ES索引Json格式字段设计

properties

https://www.elastic.co/guide/en/elasticsearch/reference/8.8/properties.html

嵌套对象

https://www.elastic.co/guide/en/elasticsearch/reference/8.8/object.html

创建索引

javascript 复制代码
curl --location --request PUT 'https://myhost/order_index' \
--header 'Content-Type: application/json' \
--data '{
    "mappings": {
        "dynamic": "false",
        "properties": {
            "orderId": {
                "type": "keyword"
            },
            "orderItems" : {
            	"properties": {
            		"itemType": {
            			"type": "keyword"
            		},
            		"itemName": {
            			"type": "keyword"
            		}
            	}
            }
        }
    }
}'

写数据

javascript 复制代码
curl --location --request PUT 'https://myhost/order_index/_doc/1' \
--header 'Content-Type: application/json' \
--data '{
    "orderId": "1_1",
    "orderItems": [{
        "itemType": "food",
        "itemName": "egg"
    },
    {
        "itemType": "clothes",
        "itemName": "T-shirt"
    }
    ]
}'

curl --location --request PUT 'https://myhost/order_index/_doc/2' \
--header 'Content-Type: application/json' \
--data '{
    "orderId": "2_2",
    "orderItems": [{
        "itemType": "food",
        "itemName": "pork"
    },
    {
        "itemType": "poultryEggs",
        "itemName": "egg"
    }
    ]
}'

读数据

javascript 复制代码
curl --location --request GET 'https://myhost/order_index/_search' \
--header 'Content-Type: application/json' \
--data '{
    "query":{
        "bool":{
            "must":[
                {
                    "match":{
                        "orderItems.itemType":"food"
                    }
                },
                {
                    "match":{
                        "orderItems.itemName":"egg"
                    }
                }
            ]
        }
    }
}'

查询结果

javascript 复制代码
{
    "took": 763,
    "timed_out": false,
    "_shards": {
        "total": 5,
        "successful": 5,
        "skipped": 0,
        "failed": 0
    },
    "hits": {
        "total": {
            "value": 2,
            "relation": "eq"
        },
        "max_score": 0.723315,
        "hits": [
            {
                "_index": "order_index",
                "_type": "_doc",
                "_id": "2",
                "_score": 0.723315,
                "_source": {
                    "orderId": "2_2",
                    "orderItems": [
                        {
                            "itemType": "food",
                            "itemName": "pork"
                        },
                        {
                            "itemType": "poultryEggs",
                            "itemName": "egg"
                        }
                    ]
                }
            },
            {
                "_index": "order_index",
                "_type": "_doc",
                "_id": "1",
                "_score": 0.723315,
                "_source": {
                    "orderId": "1_1",
                    "orderItems": [
                        {
                            "itemType": "food",
                            "itemName": "egg"
                        },
                        {
                            "itemType": "clothes",
                            "itemName": "T-shirt"
                        }
                    ]
                }
            }
        ]
    }
}

优劣势

  1. 劣势:item对象中字段之间的映射关系丢弃了(官方文档有说明:https://www.elastic.co/guide/en/elasticsearch/reference/8.8/nested.html),通过两个字段检索数据得到的结果是"or"的关系,例如:案例中错误的检索结果:"orderItems.itemType":"food" 或者 "orderItems.itemType":"food"
  2. 优势:底层实现简单,而且针对一对一场景,上述缺点不存在,即:案例中可以得到正确的结果 "orderItems.itemType":"food" 并且 "orderItems.itemType":"food"

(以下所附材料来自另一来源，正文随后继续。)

(* Let $\Sigma$ be a finite connected multigraph (loops allowed) and $\varphi\colon V(\Sigma)\to\mathbb{R}$. Then \[\max_v\varphi(v)-\min_v\varphi(v)\le M(\Delta(\varphi))\cdot\operatorname{diam}(\Sigma).\]
   Context: For $\varphi\colon V(\Sigma)\to\mathbb{R}$, the Laplacian is the divisor (real-valued function on vertices) $\Delta(\varphi)(v)=\sum_{e=vw}(\varphi(v)-\varphi(w))$, the sum over edges $e$ incident to $v$ with other endpoint $w$ (loops contribute $0$). For $f\colon V(\Sigma)\to\mathbb{R}$, $M(f)=\max_{S\subseteq V(\Sigma)}\left|\sum_{v\in S}f(v)\right|$. $\operatorname{diam}(\Sigma)$ is the maximum over pairs of vertices of the number of edges in a shortest path joining them. *)

From HB Require Import structures.
From mathcomp Require Import all_boot all_order all_algebra.
Set Implicit Arguments. Unset Strict Implicit. Unset Printing Implicit Defensive.
Import Order.TTheory GRing.Theory Num.Theory.

(* A finite multigraph (loops and parallel edges allowed) is given by a
   finite vertex type V, a finite edge type E and the two endpoints
   src e, tgt e of each edge e (orientation is irrelevant below). *)

Section Multigraph.
Variables (V E : finType) (src tgt : E -> V).

Definition adj : rel V :=
  fun u w => [exists e : E, ((src e == u) && (tgt e == w))
                          || ((src e == w) && (tgt e == u))].

Definition connected_mg : Prop := forall u w : V, connect adj u w.

Definition walk_of_len (u w : V) (n : nat) : bool :=
  [exists t : n.-tuple V, path adj u t && (last u t == w)].

(* graph distance: least number of edges of a walk (equivalently of a
   path) from u to w; in a connected graph a shortest path has fewer
   than #|V| edges, so searching n in [0, #|V|) suffices. *)
Definition gdist (u w : V) : nat :=
  find (walk_of_len u w) (iota 0 #|V|).

Definition diam : nat := \max_(u : V) \max_(w : V) gdist u w.

Local Open Scope ring_scope.
Variable R : realFieldType.

(* Laplacian: Delta(phi)(v) = sum over edges e incident to v, with other
   endpoint w, of (phi v - phi w); loops contribute 0. *)
Definition laplacian (phi : V -> R) (v : V) : R :=
  \sum_(e : E | src e == v) (phi v - phi (tgt e))
  + \sum_(e : E | (tgt e == v) && (src e != v)) (phi v - phi (src e)).

Definition Mnorm (f : V -> R) : R :=
  \big[Num.max/0]_(S : {set V}) `|\sum_(v in S) f v|.

End Multigraph.

From HB Require Import structures.
From mathcomp Require Import all_boot all_order all_algebra.
Set Implicit Arguments. Unset Strict Implicit. Unset Printing Implicit Defensive.
Import Order.TTheory GRing.Theory Num.Theory.
Local Open Scope ring_scope.

(* It suffices to bound phi a - phi b by M(Delta phi) across a single edge ab
   and to sum along a shortest path.  For an edge with phi a > phi b, take the
   superlevel set S = {v | phi v >= phi a}: summing Delta phi over S, every edge
   contributes phi x - phi y with x in S, which is >= 0 when y is outside S and
   cancels against the opposite contribution when y is in S.  The edge ab itself
   contributes phi a - phi b, so this difference is at most |sum_S Delta phi|. *)

Section Mnorm.
Variables (R : realFieldType) (V : finType).

Lemma Mnorm_ge0 (f : V -> R) : 0 <= Mnorm f.
Proof.
by apply: (big_ind (fun x => 0 <= x)) => // x y x0 _; rewrite le_max x0.
Qed.

Lemma Mnorm_ge_sum (f : V -> R) (S : {set V}) :
  `|\sum_(v in S) f v| <= Mnorm f.
Proof.
rewrite /Mnorm; move: (mem_index_enum S); elim: (index_enum _) => // T r IH.
by rewrite inE big_cons le_max => /orP[/eqP-> | /IH->]; rewrite ?lexx ?orbT.
Qed.

End Mnorm.

Section Laplacian.
Variables (R : realFieldType) (V E : finType) (src tgt : E -> V).
Implicit Types (phi : V -> R) (S : {set V}).

Lemma sum_in_pred1 S (a : V) (c : R) :
  \sum_(v in S | a == v) c = if a \in S then c else 0.
Proof.
rewrite big_mkcond (bigD1 a) //= big1 ?addr0 ?eqxx ?andbT // => v /negPf va.
by rewrite eq_sym va andbF.
Qed.

Definition edge_flow phi S (e : E) : R :=
  (if src e \in S then phi (src e) - phi (tgt e) else 0)
  + (if (tgt e \in S) && (src e != tgt e) then phi (tgt e) - phi (src e) else 0).

Lemma sum_laplacian phi S :
  \sum_(v in S) laplacian src tgt phi v = \sum_e edge_flow phi S e.
Proof.
rewrite /laplacian big_split /= [RHS]big_split /=; congr (_ + _).
  rewrite (eq_bigr (fun v => \sum_(e | src e == v) (phi (src e) - phi (tgt e))));
    last by move=> v _; apply: eq_bigr => e /eqP ->.
  rewrite (exchange_big_dep xpredT) //=; apply: eq_bigr => e _.
  exact: sum_in_pred1.
rewrite (eq_bigr (fun v =>
  \sum_(e | (tgt e == v) && (src e != tgt e)) (phi (tgt e) - phi (src e))));
  last first.
  move=> v _; rewrite (eq_bigl (fun e => (tgt e == v) && (src e != tgt e))).
    by apply: eq_bigr => e /andP[/eqP -> _].
  by move=> e; case: eqP => // ->.
rewrite (exchange_big_dep xpredT) //=; apply: eq_bigr => e _.
have [loop | _] := eqVneq (src e) (tgt e).
  by rewrite andbF big_mkcond big1 // => v _; rewrite !andbF.
rewrite andbT; under eq_bigl => v do rewrite andbT.
exact: sum_in_pred1.
Qed.

Definition superlevel phi (c : R) : {set V} := [set v | c <= phi v].

Lemma edge_flow_superlevel_ge0 phi c e : 0 <= edge_flow phi (superlevel phi c) e.
Proof.
rewrite /edge_flow !inE.
have [cs|sc] := lerP c (phi (src e)); have [ct|tc] := lerP c (phi (tgt e)) => /=.
- by case: eqVneq => [->|_]; rewrite ?subrr ?addr0 // addrC subrKA subrr.
- by rewrite addr0 subr_ge0 ltW // (lt_le_trans tc cs).
- have st : phi (src e) < phi (tgt e) by apply: lt_le_trans ct.
  have -> : src e != tgt e by apply: contraTneq st => ->; rewrite ltxx.
  by rewrite add0r subr_ge0 ltW.
- by rewrite addr0.
Qed.

Lemma edge_drop_le_Mnorm phi a b :
  adj src tgt a b -> phi a - phi b <= Mnorm (laplacian src tgt phi).
Proof.
case/existsP=> e0 e0ab.
have [ab|ba] := leP (phi a) (phi b).
  by apply: le_trans (Mnorm_ge0 _); rewrite subr_le0.
apply: le_trans (Mnorm_ge_sum _ (superlevel phi (phi a))) => /=.
apply: le_trans (ler_norm _); rewrite sum_laplacian (bigD1 e0) //=.
have flow_e0 : edge_flow phi (superlevel phi (phi a)) e0 = phi a - phi b.
  have ba' : b != a by apply: contraTneq ba => ->; rewrite ltxx.
  rewrite /edge_flow !inE; case/orP: e0ab => /andP[/eqP-> /eqP->];
  by rewrite lexx (leNgt (phi a) (phi b)) ba ?ba' ?addr0 ?add0r.
by rewrite flow_e0 lerDl sumr_ge0 // => e _; apply: edge_flow_superlevel_ge0.
Qed.

Lemma path_drop_le_Mnorm phi x (t : seq V) :
  path (adj src tgt) x t ->
  phi x - phi (last x t) <= Mnorm (laplacian src tgt phi) * (size t)%:R.
Proof.
elim: t x => [|y t IH] x /=; first by rewrite subrr mulr0.
case/andP=> xy yt; rewrite -(subrKA (phi y)) -addn1 natrD mulrDr mulr1 addrC.
by apply: lerD; [apply: IH | apply: edge_drop_le_Mnorm].
Qed.

End Laplacian.

Section Distance.
Variables (V E : finType) (src tgt : E -> V).

Lemma walk_of_len_gdist (u w : V) :
  connect (adj src tgt) u w -> walk_of_len src tgt u w (gdist src tgt u w).
Proof.
case/connectP=> p p_path ->; case: (shortenP p_path) => q q_path q_uniq _.
have has_walk : has (walk_of_len src tgt u (last u q)) (iota 0 #|V|).
  apply/hasP; exists (size q).
    by rewrite mem_iota add0n; move/card_uniqP: q_uniq => /= <-; apply: max_card.
  by apply/existsP; exists (in_tuple q); rewrite q_path eqxx.
have := nth_find 0%N has_walk; rewrite nth_iota ?add0n //.
by move: has_walk; rewrite has_find size_iota.
Qed.

Lemma gdist_le_diam (u w : V) : (gdist src tgt u w <= diam src tgt)%N.
Proof.
have le_row := @leq_bigmax V (fun w => gdist src tgt u w) w.
exact: leq_trans le_row (@leq_bigmax V (fun u => \max_(w : V) gdist src tgt u w) u).
Qed.

End Distance.

Theorem mainTheorem7 (R : realFieldType) (V E : finType) (src tgt : E -> V)
  (phi : V -> R) :
  connected_mg src tgt ->
  forall u w : V,
    phi u - phi w <= Mnorm (laplacian src tgt phi) * (diam src tgt)%:R.
Proof.
move=> conn u w.
have /existsP[t /andP[t_path /eqP t_last]] := walk_of_len_gdist (conn u w).
rewrite -t_last; apply: le_trans (path_drop_le_Mnorm phi t_path) _.
rewrite size_tuple ler_wpM2l ?Mnorm_ge0 // ler_nat.
exact: gdist_le_diam.
Qed.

tips:如果数据库中order与orderItems存储关系是一对一,那么使用嵌套对象没有任何问题。如果是一对多则检索会有问题,则只能选择下面的方案

数据如何扁平化处理的?

javascript 复制代码
{
  "group" :        "fans",
  "user.first" : [ "alice", "john" ],
  "user.last" :  [ "smith", "white" ]
}

嵌套文档

https://www.elastic.co/guide/en/elasticsearch/reference/8.8/nested.html

创建索引

javascript 复制代码
curl --location --request PUT 'https://myhost/order_index' \
--header 'Content-Type: application/json' \
--data '{
    "mappings": {
        "dynamic": "false",
        "properties": {
            "orderId": {
                "type": "keyword"
            },
            "orderItems" : {
            	"type": "nested",
            	"properties": {
            		"itemType": {
            			"type": "keyword"
            		},
            		"itemName": {
            			"type": "keyword"
            		}
            	}
            }
        }
    }
}'

写数据

同嵌套对象

读数据

javascript 复制代码
curl --location --request GET 'https://myhost/order_index/_search' \
--header 'Content-Type: application/json' \
--data '{
    "query": {
        "nested": {
            "path": "orderItems",
            "query": {
                "bool": {
                    "must": [
                        {
                            "match": {
                                "orderItems.itemType": "food"
                            }
                        },
                        {
                            "match": {
                                "orderItems.itemName": "egg"
                            }
                        }
                    ]
                }
            }
        }
    }
}'

查询结果

javascript 复制代码
{
    "took": 580,
    "timed_out": false,
    "_shards": {
        "total": 5,
        "successful": 5,
        "skipped": 0,
        "failed": 0
    },
    "hits": {
        "total": {
            "value": 1,
            "relation": "eq"
        },
        "max_score": 1.3862942,
        "hits": [
            {
                "_index": "order_index",
                "_type": "_doc",
                "_id": "1",
                "_score": 1.3862942,
                "_source": {
                    "orderId": "1_1",
                    "orderItems": [
                        {
                            "itemType": "food",
                            "itemName": "egg"
                        },
                        {
                            "itemType": "clothes",
                            "itemName": "T-shirt"
                        }
                    ]
                }
            }
        ]
    }
}

优劣势

优势:可以解决嵌套对象的局限性,并且数据更精简,文档是独立存储的,不会冗余存储多份

劣势:无法支持多级嵌套,例如:一个问题对应子级答案,答案对应子级投票(ES官方不建议使用该功能)。无法支持一个父多个子场景,例如:一个问题对应答案+评论

例如如果存储多层级document会报错

javascript 复制代码
curl --location --request PUT 'https://myhost/order_index/_doc/3' \
--header 'Content-Type: application/json' \
--data '{
    "orderId": "3_3",
    "orderItems": [{
        "itemType": {
        	"myType": 1
        },
        "itemName": "egg"
    }
    ]
}'

报错

javascript 复制代码
{"error":{"root_cause":[{"type":"mapper_parsing_exception","reason":"failed to parse field [orderItems.itemType] of type [keyword] in document with id '3'. Preview of field's value: '{myType=1}'"}],"type":"mapper_parsing_exception","reason":"failed to parse field [orderItems.itemType] of type [keyword] in document with id '3'. Preview of field's value: '{myType=1}'","caused_by":{"type":"illegal_state_exception","reason":"Can't get text on a START_OBJECT at 4:21"}},"status":400}

数据如何存储的?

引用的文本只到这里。